Across the nation scientists are detecting low concentrations of pharmaceuticals in lakes, streams, drinking water sources and in soils irrigated with reclaimed water, according to the United State Geological Service and the US Environmental Protection Agency (EPA).

Over 80% of waterways tested in the US show traces of common medications such as acetaminophen, hormones, blood pressure medicine, codeine, and antibiotics, according to the EPA.

A team of national Associated Press (AP) investigators recently released a report on pharmaceuticals in the water. Widespread coverage of the report is drawing public, state and federal attention to the issue. The disconcerting news is raising questions, concerns and solutions.

While some hospitals have Best Management Practices in place, others are looking for strategies to address the potential environmental and health impacts of disposed pharmaceuticals.

Little is certain about the potential health effects pharmaceuticals and their mixtures may have on human and aquatic life and the environment, including drinking water sources. Although, reported concerns to humans include antibiotic resistance and hormone disruption.

Hospital waste is particularly laden with both germs and antibiotics. In wastewater samples taken from sites near hospitals in Europe and the US, scientists linked disposed pharmaceuticals to virulent antibiotic-resistant germs and genetic mutations that may promote cancers, according to scientific studies reviewed by the AP.

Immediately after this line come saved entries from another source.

(* Let $G$ be a compact graph in $\mathbb{R}^d$, $C$ a finite $\epsilon$-sample of $G$, $k\ge1$, and suppose $\psi:\mathrm{DS}_k(G)\to\mathrm{DS}_k(C)$ is a bijection of multisets with $\|q-\psi(q)\|_\infty\le\epsilon$ for all $q\in\mathrm{DS}_k(G)$. If $|\mathrm{vgap}_{k,l}(G)|-|\mathrm{vgap}_{k,l+1}(G)|>4\epsilon$ for some $l\ge1$, then $\psi$ restricts to a bijection $\mathrm{VS}_{k,l}(G)\to\mathrm{VS}_{k,l}(C)$.
   Context: Offsets $X^\alpha$: union of closed radius-$\alpha$ balls centred at points of $X$. $C$ is an $\epsilon$-sample of $G$ if $C\subseteq G^\epsilon$ and $G\subseteq C^\epsilon$. $\mathrm{PD}\{X^\alpha\}$: 1-dimensional $\mathbb{Z}_2$ persistence diagram of $\{X^\alpha\}$, dots $(x,y)=$(birth, death) with multiplicity; off-diagonal part finite. Diagonal gaps: with $0<a_1<\dots<a_n$ the distinct values of $y-x$ over off-diagonal dots and $a_0=0$, gaps are $\{a_{j-1}<y-x<a_j\}$, ranked by width with lower gaps winning ties; $\mathrm{DS}_k$ is the multiset of dots above the lowest of the $k$ widest gaps. Vertical gaps of $\mathrm{DS}_k$: with $c_1<\dots<c_r$ the distinct birth coordinates of dots in $\mathrm{DS}_k$, vertical gaps are $\{c_j<x<c_{j+1}\}$ of width $c_{j+1}-c_j$ and $\{x>c_r\}$ of width $+\infty$; ranked by width with the leftmost winning ties; $\mathrm{vgap}_{k,l}$ is the $l$-th widest (width $0$ if it does not exist). $\mathrm{VS}_{k,l}$ is the multiset of dots of $\mathrm{DS}_k$ with $x\le a$, where $\{a<x<b\}$ is the leftmost of $\mathrm{vgap}_{k,1},\dots,\mathrm{vgap}_{k,l}$. Notation with argument $X$ refers to $\mathrm{PD}\{X^\alpha\}$; $\|\cdot\|_\infty$ is the max-coordinate distance on $\mathbb{R}^2$. *)

From HB Require Import structures.
From mathcomp Require Import all_boot all_order all_algebra.
Set Implicit Arguments. Unset Strict Implicit. Unset Printing Implicit Defensive.
Import Order.TTheory GRing.Theory Num.Theory.
Local Open Scope ring_scope.

Section PD.
Variable R : realFieldType.

(* A dot (birth, death). A (1-dim) persistence diagram is represented by the
   finite list (with multiplicity) of its off-diagonal dots. *)
Definition dot := (R * R)%type.

Definition offdiag (D : seq dot) : bool := all (fun p : dot => p.1 < p.2) D.

Definition dinf (p q : dot) : R := Num.max `|p.1 - q.1| `|p.2 - q.2|.

(* a_1 < ... < a_n : distinct values of y - x, stored 0-based *)
Definition avals (D : seq dot) : seq R :=
  sort <=%R (undup [seq p.2 - p.1 | p <- D]).

(* gap number j (0-based, j < n) is { lo j < y - x < hi j }, with a_0 = 0 *)
Definition dlo (D : seq dot) (j : nat) : R :=
  if j is j'.+1 then nth 0 (avals D) j' else 0.
Definition dhi (D : seq dot) (j : nat) : R := nth 0 (avals D) j.
Definition dwidth (D : seq dot) (j : nat) : R := dhi D j - dlo D j.

Definition dbeats (D : seq dot) (i j : nat) : bool :=
  (dwidth D j < dwidth D i) || ((dwidth D i == dwidth D j) && (i < j)%N).

Definition drank (D : seq dot) (j : nat) : nat :=
  count (fun i => dbeats D i j) (iota 0 (size (avals D))).

Definition dlowest (k : nat) (D : seq dot) : nat :=
  find (fun j => (drank D j < k)%N) (iota 0 (size (avals D))).

(* DS_k : dots above the lowest of the k widest diagonal gaps *)
Definition DS (k : nat) (D : seq dot) : seq dot :=
  [seq p <- D | dlo D (dlowest k D) < p.2 - p.1].

(* extended widths: None = +infinity *)
Definition ext_gt (a b : option R) : bool :=
  match a, b with
  | None, Some _ => true
  | Some x, Some y => y < x
  | _, _ => false
  end.

(* c_1 < ... < c_r : distinct births of DS_k, stored 0-based *)
Definition cvals (k : nat) (D : seq dot) : seq R :=
  sort <=%R (undup [seq p.1 | p <- DS k D]).

(* vertical gap j (0-based, j < r) is { c_j < x < c_{j+1} } (or { x > c_r }) *)
Definition vleft (k : nat) (D : seq dot) (j : nat) : R := nth 0 (cvals k D) j.
Definition vwidth (k : nat) (D : seq dot) (j : nat) : option R :=
  if (j.+1 < size (cvals k D))%N
  then Some (nth 0 (cvals k D) j.+1 - nth 0 (cvals k D) j) else None.

Definition vbeats (k : nat) (D : seq dot) (i j : nat) : bool :=
  ext_gt (vwidth k D i) (vwidth k D j) ||
  ((vwidth k D i == vwidth k D j) && (i < j)%N).

Definition vrank (k : nat) (D : seq dot) (j : nat) : nat :=
  count (fun i => vbeats k D i j) (iota 0 (size (cvals k D))).

(* |vgap_{k,l}| (l >= 1): width of the l-th widest vertical gap, 0 if none *)
Definition vgap_width (k l : nat) (D : seq dot) : option R :=
  if [seq j <- iota 0 (size (cvals k D)) | vrank k D j == l.-1] is j :: _
  then vwidth k D j else Some 0.

(* "|a| - |b| > t" for extended widths (+infinity minus finite = +infinity) *)
Definition ext_sub_gt (a b : option R) (t : R) : bool :=
  match a, b with
  | None, Some _ => true
  | Some x, Some y => t < x - y
  | _, _ => false
  end.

Pharmaceuticals enter the sewer system through excretion of un-metabolized medicines and disposal of medicines down the drain. Unfortunately, wastewater treatment plants currently cannot remove medicine from wastewater.

Several decades ago, institutionally generated drug waste was routinely throw in the trash and burned in hospital or city incinerators. That practice ended with the national campaign against air pollution. In recent years healthcare facilities have preferred drain over dumpster disposal, because it is the least expensive way to ensure that a drug is destroyed.

One healthcare facility that oversees five hospitals in Oregon is working to optimize its method of handling pharmaceuticals, due to environmental concerns about the water. With the help of a private consulting company progress is underway.